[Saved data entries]
Definition ideal (I : L -> Prop) : Prop :=
  [/\ I \bot, forall x y, x <= y -> I y -> I x & forall x y, I x -> I y -> I (x `|` y)].

Lemma ideal_joinr (I : L -> Prop) (x : L) :
  ideal I -> ideal (fun z => exists2 j, I j & z <= j `|` x).
Proof.
case=> I0 Idown Ijoin; split.
- by exists \bot; rewrite ?le0x.
- by move=> z z' le_zz' [j Ij le_z']; exists j => //; apply: le_trans le_z'.
- move=> z z' [j Ij le_z] [j' Ij' le_z']; exists (j `|` j'); first exact: Ijoin.
  rewrite leUx (le_trans le_z) ?(le_trans le_z') //.
  + by rewrite leU2 ?leUr.
  + by rewrite leU2 ?leUl.
Qed.

Lemma ideal_maximal_avoiding (I : L -> Prop) (a : L) : ideal I -> ~ I a ->
  exists A, [/\ ideal A, forall z, I z -> A z, ~ A a &
             forall x, ~ A x -> exists2 j, A j & a <= j `|` x].
Proof.
move=> idI nIa; have [I0 _ _] := idI.
(* The last clause, rather than [I] included in [J], lets the union of an
   empty chain (the empty set) qualify, as Zorn's lemma requires. *)
pose P (J : L -> Prop) := [/\ forall x y, x <= y -> J y -> J x,
  forall x y, J x -> J y -> J (x `|` y), ~ J a & forall w, J w -> forall z, I z -> J z].
have [A [[Adown Ajoin nAa AI] maxA]] : exists A : classical_sets.set L,
    P A /\ forall B, classical_sets.proper A B -> ~ P B.
  apply: classical_sets.Zorn_bigcup => F FP Ftot; split.
  - move=> x y le_xy [X FX Xy]; exists X => //.
    by have [Xdown _ _ _] := FP X FX; exact: Xdown le_xy Xy.
  - move=> x y [X FX Xx] [Y FY Yy].
    have [XY|YX] := Ftot X Y FX FY.
    + by exists Y => //; have [_ Yjoin _ _] := FP Y FY; exact: Yjoin (XY _ Xx) Yy.
    + by exists X => //; have [_ Xjoin _ _] := FP X FX; exact: Xjoin Xx (YX _ Yy).
  - by case=> X FX Xa; have [_ _ nXa _] := FP X FX.
  - by move=> w [X FX Xw] z Iz; exists X => //; have [_ _ _ XI] := FP X FX; exact: XI Xw z Iz.
have A0 : A \bot.
  apply: NNPP => nA0; apply: (maxA I); last by case: idI.
  split=> [z Az|IA]; last exact/nA0/IA.
  by case: nA0; apply: Adown Az; exact: le0x.
exists A; split=> // [z|x nAx]; first exact: AI A0 z.
have [_ Bdown Bjoin] := ideal_joinr x (And3 A0 Adown Ajoin).
apply: NNPP => nBa; apply: (maxA (fun z => exists2 j, A j & z <= j `|` x)).
- split=> [z Az|BA]; first by exists z; rewrite ?leUl.
  by apply/nAx/BA; exists \bot; rewrite ?leUr.
- split=> // w _ z Iz; exists z; [exact: AI A0 z Iz | exact: leUl].
Qed.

**PROBLEM DESCRIPTION**:
Set down exactly the line that holds "- split=> [z" and all lines after it to the end of the data.

**WRITTEN SOLUTION**:
- split=> [z Az|BA]; first by exists z; rewrite ?leUl.
  by apply/nAx/BA; exists \bot; rewrite ?leUr.
- split=> // w _ z Iz; exists z; [exact: AI A0 z Iz | exact: leUl].
Qed.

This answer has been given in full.